There was a significant negative correlation between the PVL and CD4 cell count in HIV-1 seropositive ART naïve patients with “r” of −0.54, (P ≤ 0.00).


  Discussion Top


After searching the literature online, to the best of our knowledge, this study provides the first estimates of baseline PVL in HIV seropositive ART naïve individuals in the North-Eastern part of the country.

In this study, the mean CD4 cell count was 348.2 cells/μL which is in agreement with studies among similar patient groups from African country (266 cells/μL)[15] but higher than values reported from Northern India (112 cells/μL).[16] This difference may be due to variation in mean CD4 cell count among healthy HIV-seronegative adults of different parts of India.[17] Only 22% had CD4 cell count >500 cells/μL, which is lower to a similar study from Africa (58.2%).[2]
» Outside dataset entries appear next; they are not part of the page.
(* The library provides measurability of kernel integrals of nonnegative
   functions only, hence the shift by M. *)
Lemma bounded_measurable_kintegral g : bounded_measurable g ->
  bounded_measurable (kintegral g).
Proof.
move=> bg; have [mg [M hM]] := bg.
split; last by exists M => x; exact: kintegral_bound.
have bgM : bounded_measurable (fun z => g z + M).
  exact/bounded_measurableD/bounded_measurable_cst.
have -> : kintegral g
    = fun x => fine (\int[k x]_y (EFin \o (fun z => (g z + M)%R)) (x, y))%E - M.
  apply/funext => x; rewrite -[fine _]/(kintegral (fun z => g z + M) x).
  by rewrite kintegral_shift ?addrK.
apply: measurable_funB => //; apply: measurableT_comp; first exact: fine_measurable.
apply: (measurable_fun_integral_sfinite_kernel _ k).
  move=> z /=; rewrite lee_fin -lerBlDr sub0r.
  by move: (hM z); rewrite ler_norml => /andP[].
by apply/measurable_EFinP; case: bgM.
Qed.

Lemma kintegral_cvg (g_ : nat -> X * Y -> R) g M x :
  (forall n, measurable_fun setT (g_ n)) -> (forall n z, `|g_ n z| <= M) ->
  (forall z, g_ ^~ z @ \oo --> g z) ->
  (fun n => kintegral (g_ n) x) @ \oo --> kintegral g x.
Proof.
move=> mg hM cg; rewrite /kintegral.
apply: (@Rintegral_bounded_cvg _ _ _ _ (@prob_kernel _ _ _ _ _ k x)
  (fun n y => g_ n (x, y)) _ M).
- by move=> n; exact: measurableT_comp (mg n) (pair1_measurable x).
- by move=> n y; exact: hM.
- by move=> y; exact: cg.
Qed.

End kernel_integral.

Section transition_operator.
Context d1 d2 (S : measurableType d1) (A : measurableType d2) (R : realType).
Variables (P : R.-pker (S * A)%type ~> S) (pi : R.-pker S ~> A).
Implicit Types (f g : S -> R) (c : R).

Lemma bounded_measurable_snd f : bounded_measurable f ->
  bounded_measurable (fun z : (S * A) * S => f z.2).
Proof.
by case=> mf [M hM]; split; [exact: measurableT_comp mf measurable_snd|exists M].
Qed.

Lemma bounded_measurable_expP f : bounded_measurable f ->
  bounded_measurable (expP P f).
Proof. by move=> /bounded_measurable_snd; exact: bounded_measurable_kintegral. Qed.

Lemma bounded_measurable_expPi (g : S * A -> R) : bounded_measurable g ->
  bounded_measurable (expPi pi g).
Proof. exact: bounded_measurable_kintegral. Qed.

Lemma bounded_measurable_stepOp f : bounded_measurable f ->
  bounded_measurable (stepOp P pi f).
Proof. by move=> bf; exact/bounded_measurable_expPi/bounded_measurable_expP. Qed.

Lemma bounded_measurable_iter_stepOp f t : bounded_measurable f ->
  bounded_measurable (iter t (stepOp P pi) f).
Proof. by move=> bf; elim: t => [|t IH] //=; exact: bounded_measurable_stepOp. Qed.

Lemma expP_linear f g c sa : bounded_measurable f -> bounded_measurable g ->
  expP P (fun s => f s + c * g s) sa = expP P f sa + c * expP P g sa.
Proof.
move=> /bounded_measurable_snd bf /bounded_measurable_snd bg.
exact: (kintegral_linear P c sa bf bg).
Qed.

Lemma expP_shift f c sa : bounded_measurable f ->
  expP P (fun s => f s + c) sa = expP P f sa + c.
Proof. by move=> /bounded_measurable_snd bf; exact: (kintegral_shift P c sa bf). Qed.

Lemma expP_bound f M sa : bounded_measurable f -> (forall s, `|f s| <= M) ->
  `|expP P f sa| <= M.
Proof.
by move=> /bounded_measurable_snd bf hM; apply: (kintegral_bound _ _ bf) => -[].
Qed.

Lemma expPi_linear (f g : S * A -> R) c s :
  bounded_measurable f -> bounded_measurable g ->
  expPi pi (fun z => f z + c * g z) s = expPi pi f s + c * expPi pi g s.
Proof. exact: kintegral_linear. Qed.

Lemma expPi_shift (g : S * A -> R) c s : bounded_measurable g ->
  expPi pi (fun z => g z + c) s = expPi pi g s + c.
Proof. exact: kintegral_shift. Qed.

Lemma stepOp_linear f g c : bounded_measurable f -> bounded_measurable g ->
  stepOp P pi (fun s => f s + c * g s) = fun s => stepOp P pi f s + c * stepOp P pi g s.
Proof.
move=> bf bg; apply/funext => s; rewrite /stepOp -expPi_linear;
  try exact: bounded_measurable_expP.
by congr expPi; apply/funext => sa; rewrite expP_linear.
Qed.

Lemma stepOp_shift f c : bounded_measurable f ->
  stepOp P pi (fun s => f s + c) = fun s => stepOp P pi f s + c.
Proof.
move=> bf; apply/funext => s.
rewrite /stepOp -expPi_shift; last exact: bounded_measurable_expP.
by congr expPi; apply/funext => sa; rewrite expP_shift.
Qed.

Lemma stepOp_cst c : stepOp P pi (fun=> c) = fun=> c.
Proof.
apply/funext => s; rewrite /stepOp /expPi.
under eq_fun do rewrite [expP _ _ _]kintegral_cst.
exact: kintegral_cst.
Qed.
(* An action theory $\Theta=S\cup E\cup X$ is modular if and only if the big model of $\Theta$ is a model of $\Theta$.
   Context: Fix a set $\mathrm{Act}$ of atomic actions and a set $\mathrm{Prop}$ of atoms. Boolean formulas are classical propositional formulas over $\mathrm{Prop}$; $\models_{CPL}$ is classical consequence; a valuation is a maximal consistent set of literals, and $\mathrm{val}(S)$ is the set of valuations satisfying every formula of a set $S$ of Boolean formulas. Modal formulas are built from Boolean formulas using the Boolean connectives and a box $[a]$ for each $a\in\mathrm{Act}$; $\langle a\rangle\Phi:=\neg[a]\neg\Phi$. A PDL-model is $M=\langle W,R\rangle$ where $W$ is a set of valuations (worlds) and $R$ assigns to each $a$ a relation $R_a\subseteq W\times W$; $w\models_M p$ iff $p\in w$, $w\models_M[a]\Phi$ iff $w'\models_M\Phi$ for all $(w,w')\in R_a$, Boolean connectives as usual. $M\models\Phi$ iff $\Phi$ holds at every world of $M$; $M\models\Sigma$ iff $M\models\Phi$ for all $\Phi\in\Sigma$; $\Sigma\models_{PDL}\Phi$ iff every PDL-model of $\Sigma$ is a model of $\Phi$. A static law is a Boolean formula; an effect law for $a$ is $\varphi\to[a]\psi$ and an executability law for $a$ is $\varphi\to\langle a\rangle\top$, with $\varphi,\psi$ Boolean. An action theory is $\Theta=S\cup E\cup X$ with $S$ a set of static laws, $E$ a set of effect laws and $X$ a set of executability laws; $E_a$ denotes the effect laws for $a$. $\Theta$ is modular iff for every Boolean $\varphi$, $\Theta\models_{PDL}\varphi$ implies $S\models_{CPL}\varphi$. The big model of $\Theta$ is $M_{big}=\langle W_{big},R_{big}\rangle$ with $W_{big}=\mathrm{val}(S)$ and, for each $a$, $(R_{big})_a=\{(w,w')\in W_{big}\times W_{big}:$ for all $\varphi\to[a]\psi\in E_a$, if $w\models\varphi$ then $w'\models\psi\}$. *)

Set Implicit Arguments.

Section Syntax.
Variables (Prp Act : Type).

Inductive bform : Type :=
| BVar : Prp -> bform
| BTop : bform
| BBot : bform
| BNot : bform -> bform
| BAnd : bform -> bform -> bform
| BOr  : bform -> bform -> bform
| BImp : bform -> bform -> bform.

Inductive mform : Type :=
| MB   : bform -> mform
| MNot : mform -> mform
| MAnd : mform -> mform -> mform
| MOr  : mform -> mform -> mform
| MImp : mform -> mform -> mform
| MBox : Act -> mform -> mform.

Definition MDia (a : Act) (F : mform) : mform := MNot (MBox a (MNot F)).

(* A valuation (maximal consistent set of literals) is a total assignment. *)
Definition valuation := Prp -> bool.

Fixpoint bsat (v : valuation) (f : bform) : Prop :=
  match f with
  | BVar p => v p = true
  | BTop => True
  | BBot => False
  | BNot g => ~ bsat v g
  | BAnd g h => bsat v g /\ bsat v h
  | BOr g h => bsat v g \/ bsat v h
  | BImp g h => bsat v g -> bsat v h
  end.

Definition val (S : bform -> Prop) (v : valuation) : Prop :=
  forall g, S g -> bsat v g.

Definition cpl_entails (S : bform -> Prop) (f : bform) : Prop :=
  forall v, val S v -> bsat v f.

Record pdl_model : Type := {
  W : valuation -> Prop;
  R : Act -> valuation -> valuation -> Prop;
  R_in_W : forall a w w', R a w w' -> W w /\ W w'
}.

Fixpoint msat (M : pdl_model) (w : valuation) (F : mform) : Prop :=
  match F with
  | MB f => bsat w f
  | MNot G => ~ msat M w G
  | MAnd G H => msat M w G /\ msat M w H
  | MOr G H => msat M w G \/ msat M w H
  | MImp G H => msat M w G -> msat M w H
  | MBox a G => forall w', R M a w w' -> msat M w' G
  end.

Definition valid_in (M : pdl_model) (F : mform) : Prop :=
  forall w, W M w -> msat M w F.

Definition model_of (M : pdl_model) (Sigma : mform -> Prop) : Prop :=
  forall F, Sigma F -> valid_in M F.

Definition pdl_entails (Sigma : mform -> Prop) (F : mform) : Prop :=
  forall M, model_of M Sigma -> valid_in M F.

(* Action theory Theta = S u E u X.
   S : static laws; E a phi psi : "phi -> [a] psi" is an effect law for a;
   X a phi : "phi -> <a>T" is an executability law for a. *)
Definition theory (S : bform -> Prop) (E : Act -> bform -> bform -> Prop)
  (X : Act -> bform -> Prop) (F : mform) : Prop :=
  (exists f, S f /\ F = MB f)
  \/ (exists a f g, E a f g /\ F = MImp (MB f) (MBox a (MB g)))
  \/ (exists a f, X a f /\ F = MImp (MB f) (MDia a (MB BTop))).

Definition modular (S : bform -> Prop) (E : Act -> bform -> bform -> Prop)
  (X : Act -> bform -> Prop) : Prop :=
  forall f, pdl_entails (theory S E X) (MB f) -> cpl_entails S f.

Definition big_R (S : bform -> Prop) (E : Act -> bform -> bform -> Prop)
  (a : Act) (w w' : valuation) : Prop :=
  val S w /\ val S w' /\ (forall f g, E a f g -> bsat w f -> bsat w' g).

Lemma big_R_in_W (S : bform -> Prop) (E : Act -> bform -> bform -> Prop) :
  forall a w w', big_R S E a w w' -> val S w /\ val S w'.
Proof. intros a w w' [H1 [H2 _]]; split; assumption. Qed.

Definition big_model (S : bform -> Prop) (E : Act -> bform -> bform -> Prop)
  : pdl_model :=
  {| W := val S; R := big_R S E; R_in_W := @big_R_in_W S E |}.

End Syntax.

(* If the big model is a model of Theta, whatever Theta entails holds in all its
   worlds, which are exactly the valuations of S.  Conversely, the big model
   satisfies the static and effect laws by construction.  Given a world w of the
   big model with w |= phi and phi -> <a>T in X, a successor of w is any
   valuation of S satisfying every psi with phi' -> [a]psi in E and w |= phi'.
   If there were none, by compactness finitely many such psi would already
   contradict S; the conjunction th of their preconditions phi' then satisfies
   Theta |= ~(phi /\ th), because every model of Theta gives worlds satisfying
   phi /\ th a successor satisfying S and those psi.  Modularity turns this into
   S |= ~(phi /\ th), contradicted by w. *)

From Stdlib Require Import List Classical ClassicalEpsilon.
From mathcomp Require classical_sets.

Set Implicit Arguments.

Lemma chain_finite_union (T : Type) (G : T -> Prop) (F : (T -> Prop) -> Prop)
  (F_total : forall A B, F A -> F B ->
     (forall t, A t -> B t) \/ (forall t, B t -> A t))
  (L : list T) :
  (forall x, In x L -> G x \/ exists2 A, F A & A x) ->
  (forall x, In x L -> G x) \/ exists2 A, F A & forall x, In x L -> G x \/ A x.
Proof.
  induction L as [|y L IH]; intro HL; [left; intros x []|].
  destruct IH as [HG | [A FA HA]]; [intros x hx; apply HL; now right| |].
  - destruct (HL y (or_introl eq_refl)) as [Gy | [B FB By]].
    + left; intros x [<- | hx]; auto.
    + right; exists B; [exact FB|]; intros x [<- | hx]; auto.
  - destruct (HL y (or_introl eq_refl)) as [Gy | [B FB By]].
    + right; exists A; [exact FA|]; intros x [<- | hx]; auto.
    + destruct (F_total A B FA FB) as [AB | BA].
      * right; exists B; [exact FB|]; intros x [<- | hx]; auto.
        destruct (HA x hx); auto.
      * right; exists A; [exact FA|]; intros x [<- | hx]; auto.
Qed.

Section Compactness.
Variable Prp : Type.

Definition finsat (G : bform Prp -> Prop) : Prop :=
  forall L, (forall x, In x L -> G x) ->
    exists v : valuation Prp, forall x, In x L -> bsat v x.

Lemma not_finsat_add (D : bform Prp -> Prop) (h : bform Prp) :
  ~ finsat (fun g => D g \/ g = h) ->
  exists L, (forall x, In x L -> D x) /\
    forall v, (forall x, In x L -> bsat v x) -> ~ bsat v h.
Proof.
  intro Hnot; apply NNPP; intro Hno; apply Hnot; intros M HM.
  assert (Hsplit : exists L, (forall x, In x L -> D x) /\
            forall v, (forall x, In x L -> bsat v x) -> bsat v h ->
            forall x, In x M -> bsat v x).
  { clear Hno; induction M as [|y M IH].
    - exists nil; split; [intros ? []|intros ? ? ? ? []].
    - destruct IH as [L [HL HLM]]; [intros x hx; apply HM; now right|].
      destruct (HM y (or_introl eq_refl)) as [Dy | ->].
      + exists (y :: L); split; [intros x [<- | hx]; auto|].
        intros v Hv vh x [<- | hx]; [apply Hv; now left|].
        apply HLM; auto; intros z hz; apply Hv; now right.
      + exists L; split; [exact HL|].
        intros v Hv vh x [<- | hx]; auto. }
  destruct Hsplit as [L [HL HLM]].
  apply NNPP; intro Hunsat; apply Hno; exists L; split; [exact HL|].
  intros v Hv vh; apply Hunsat; exists v; auto.
Qed.

Section MaximalFinsat.
Variable D : bform Prp -> Prop.
Hypothesis D_finsat : finsat D.
Hypothesis D_maximal : forall h, finsat (fun g => D g \/ g = h) -> D h.

Lemma maximal_finsat_complete (h : bform Prp) : D h \/ D (BNot h).
Proof.
  apply NNPP; intro Hnone.
  destruct (@not_finsat_add D h) as [L1 [HL1 H1]];
    [intro Hh; apply Hnone; left; now apply D_maximal|].
  destruct (@not_finsat_add D (BNot h)) as [L2 [HL2 H2]];
    [intro Hh; apply Hnone; right; now apply D_maximal|].
  destruct (D_finsat (L1 ++ L2)) as [v Hv].
  { intros x hx; apply in_app_or in hx; destruct hx; auto. }
  apply (H2 v); [intros x hx; apply Hv, in_or_app; now right|].
  apply (H1 v); intros x hx; apply Hv, in_or_app; now left.
Qed.

(* Choosing f or ~f according to membership in D and satisfying the chosen
   formulas gives a valuation that decides each listed formula as D does. *)
Lemma maximal_finsat_agree (L : list (bform Prp)) :
  exists w, forall f, In f L -> (bsat w f <-> D f).
Proof.
  destruct (D_finsat (map (fun f => if excluded_middle_informative (D f)
                                   then f else BNot f) L)) as [w Hw].
  { intros x hx; apply in_map_iff in hx; destruct hx as [f [<- _]].
    destruct (excluded_middle_informative (D f)) as [Df | nDf]; [exact Df|].
    now destruct (maximal_finsat_complete f). }
  exists w; intros f hf.
  specialize (Hw _ (in_map _ _ _ hf)); revert Hw; cbv beta.
  destruct (excluded_middle_informative (D f)); simpl; tauto.
Qed.

Definition membership_valuation : valuation Prp :=
  fun p => if excluded_middle_informative (D (BVar p)) then true else false.

(* Each connective is checked on a valuation agreeing with D on the formula and
   its immediate subformulas. *)
Lemma maximal_finsat_truth (f : bform Prp) : bsat membership_valuation f <-> D f.
Proof.
  induction f as [p| | |g IH|g IHg h IHh|g IHg h IHh|g IHg h IHh]; simpl.
  - unfold membership_valuation.
    destruct (excluded_middle_informative (D (BVar p))); split; auto; discriminate.
  - destruct (maximal_finsat_agree (BTop Prp :: nil)) as [w Hw].
    rewrite <- (Hw (BTop Prp)) by (simpl; auto); simpl; tauto.
  - destruct (maximal_finsat_agree (BBot Prp :: nil)) as [w Hw].
    rewrite <- (Hw (BBot Prp)) by (simpl; auto); simpl; tauto.
  - destruct (maximal_finsat_agree (BNot g :: g :: nil)) as [w Hw].
    rewrite <- (Hw (BNot g)), IH, <- (Hw g) by (simpl; auto); simpl; tauto.
  - destruct (maximal_finsat_agree (BAnd g h :: g :: h :: nil)) as [w Hw].
    rewrite <- (Hw (BAnd g h)), IHg, IHh, <- (Hw g), <- (Hw h) by (simpl; auto);
      simpl; tauto.
  - destruct (maximal_finsat_agree (BOr g h :: g :: h :: nil)) as [w Hw].
    rewrite <- (Hw (BOr g h)), IHg, IHh, <- (Hw g), <- (Hw h) by (simpl; auto);
      simpl; tauto.
  - destruct (maximal_finsat_agree (BImp g h :: g :: h :: nil)) as [w Hw].
    rewrite <- (Hw (BImp g h)), IHg, IHh, <- (Hw g), <- (Hw h) by (simpl; auto);
      simpl; tauto.
Qed.

End MaximalFinsat.

Lemma finsat_maximal_extension (G : bform Prp -> Prop) :
  finsat G -> exists D, (forall f, G f -> D f) /\ finsat D /\
    forall h, finsat (fun g => D g \/ g = h) -> D h.
Proof.
  intro HG.
  destruct (@classical_sets.Zorn_bigcup (bform Prp)
              (fun A => finsat (fun f => G f \/ A f))) as [A [HA Hmax]].
  { intros F FP F_total L HL.
    destruct (@chain_finite_union _ G F F_total L HL) as [HLG | [B FB HLB]].
    - exact (HG L HLG).
    - exact (FP B FB L HLB). }
  exists (fun f => G f \/ A f); split; [auto|split; [exact HA|]].
  intros h Hh; apply NNPP; intro nh.
  apply (Hmax (fun g => A g \/ g = h)); [split|].
  - intros t ht; now left.
  - intro Hsub; apply nh; right; apply Hsub; now right.
  - intros L HL; apply Hh; intros x hx; destruct (HL x hx) as [? | [? | ?]]; auto.
Qed.

Theorem compactness (G : bform Prp -> Prop) :
  finsat G -> exists v, val G v.
Proof.
  intro HG.
  destruct (finsat_maximal_extension HG) as [D [GD [HD Dmax]]].
  eexists; intros f Gf; apply (maximal_finsat_truth HD Dmax), GD, Gf.
Qed.

End Compactness.

Section BigModel.
Variables (Prp Act : Type).
Variables (S : bform Prp -> Prop) (E : Act -> bform Prp -> bform Prp -> Prop)
  (X : Act -> bform Prp -> Prop).

Definition triggered (a : Act) (w : valuation Prp) (psi : bform Prp) : Prop :=
  exists phi, E a phi psi /\ bsat w phi.

Lemma triggered_by_conj (a : Act) (w : valuation Prp) (L : list (bform Prp)) :
  exists th, bsat w th /\ forall u, bsat u th ->
    forall psi, In psi L -> triggered a w psi -> triggered a u psi.
Proof.
  induction L as [|psi L [th [wth Hth]]]; [exists (BTop Prp); simpl; tauto|].
  destruct (classic (triggered a w psi)) as [[phi [Ephi wphi]] | ntrig].
  - exists (BAnd phi th); split; [simpl; auto|].
    intros u [uphi uth] psi' [<- | hpsi']; [exists phi; auto|]; auto.
  - exists th; split; [exact wth|].
    intros u uth psi' [<- | hpsi']; [contradiction|]; auto.
Qed.

Lemma model_of_theory_successor (M : pdl_model Prp Act) (a : Act)
  (phi : bform Prp) (u : valuation Prp) :
  model_of M (theory S E X) -> X a phi -> W M u -> bsat u phi ->
  exists u', R M a u u' /\ val S u' /\ forall psi, triggered a u psi -> bsat u' psi.
Proof.
  intros HM Xphi Wu uphi.
  assert (Hexec := HM _ (or_intror (or_intror (ex_intro _ a
                      (ex_intro _ phi (conj Xphi eq_refl))))) u Wu uphi).
  apply NNPP; intro Hno; apply Hexec; intros u' Ru' _.
  apply Hno; exists u'; split; [exact Ru'|split].
  - intros f Sf; destruct (R_in_W M a u u' Ru') as [_ Wu'].
    exact (HM _ (or_introl (ex_intro _ f (conj Sf eq_refl))) u' Wu').
  - intros psi [phi' [Ephi' uphi']].
    exact (HM _ (or_intror (or_introl (ex_intro _ a (ex_intro _ phi'
             (ex_intro _ psi (conj Ephi' eq_refl)))))) u Wu uphi' u' Ru').
Qed.

Lemma modular_big_successor (a : Act) (phi : bform Prp) (w : valuation Prp) :
  modular S E X -> X a phi -> val S w -> bsat w phi ->
  exists w', big_R S E a w w'.
Proof.
  intros Hmod Xphi Sw wphi.
  assert (Hfin : finsat (fun psi => S psi \/ triggered a w psi)).
  { intros L HL; destruct (triggered_by_conj a w L) as [th [wth Hth]].
    apply NNPP; intro Hunsat.
    assert (Hent : pdl_entails (theory S E X) (MB Act (BNot (BAnd phi th)))).
    { intros M HM u Wu [uphi uth].
      destruct (model_of_theory_successor u HM Xphi Wu uphi) as [u' [_ [Su' Hu']]].
      apply Hunsat; exists u'; intros psi hpsi.
      destruct (HL psi hpsi) as [Spsi | Tpsi]; auto. }
    exact (Hmod _ Hent w Sw (conj wphi wth)). }
  destruct (compactness Hfin) as [w' Hw'].
  exists w'; split; [exact Sw|split].
  - intros f Sf; apply Hw'; now left.
  - intros phi' psi Ephi' wphi'; apply Hw'; right; now exists phi'.
Qed.

End BigModel.

Theorem theorem3 (Prp Act : Type) (S : bform Prp -> Prop)
  (E : Act -> bform Prp -> bform Prp -> Prop) (X : Act -> bform Prp -> Prop) :
  modular S E X <-> model_of (big_model S E) (theory S E X).
Proof.
  split.
  - intros Hmod F [[f [Sf ->]] | [[a [f [g [Ef ->]]]] | [a [f [Xf ->]]]]];
      intros w Sw; simpl.
    + exact (Sw f Sf).
    + intros wf w' [_ [_ Heff]]; exact (Heff f g Ef wf).
    + intros wf Hnone.
      destruct (modular_big_successor a f Hmod Xf Sw wf) as [w' Rw'].
      exact (Hnone w' Rw' I).
  - intros Hbig f Hent w Sw; exact (Hent _ Hbig w Sw).
Qed.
The mean PVL of 108,000 copies/mL obtained among the ART naïve individuals with detectable PVL is similar to a report by another Indian study from New Delhi (192,686 copies/mL).[16] Our finding is lower to a report from African study (450,370 copies/mL)[15] but a little higher to a report from Spain (35,730 copies/mL).[11] The high mean viral load in African countries may be the result of recurrent infections in HIV-infected individuals in Africa, especially malaria and some bacterial infections.[15]

Among those with PVL ≥50,000 copies/mL, the proportions with CD4 cell count >350 cells/μL and >500 cells/μL were 10.4% and 3.5%, respectively, which is similar to a cross-sectional study from African countries.[2]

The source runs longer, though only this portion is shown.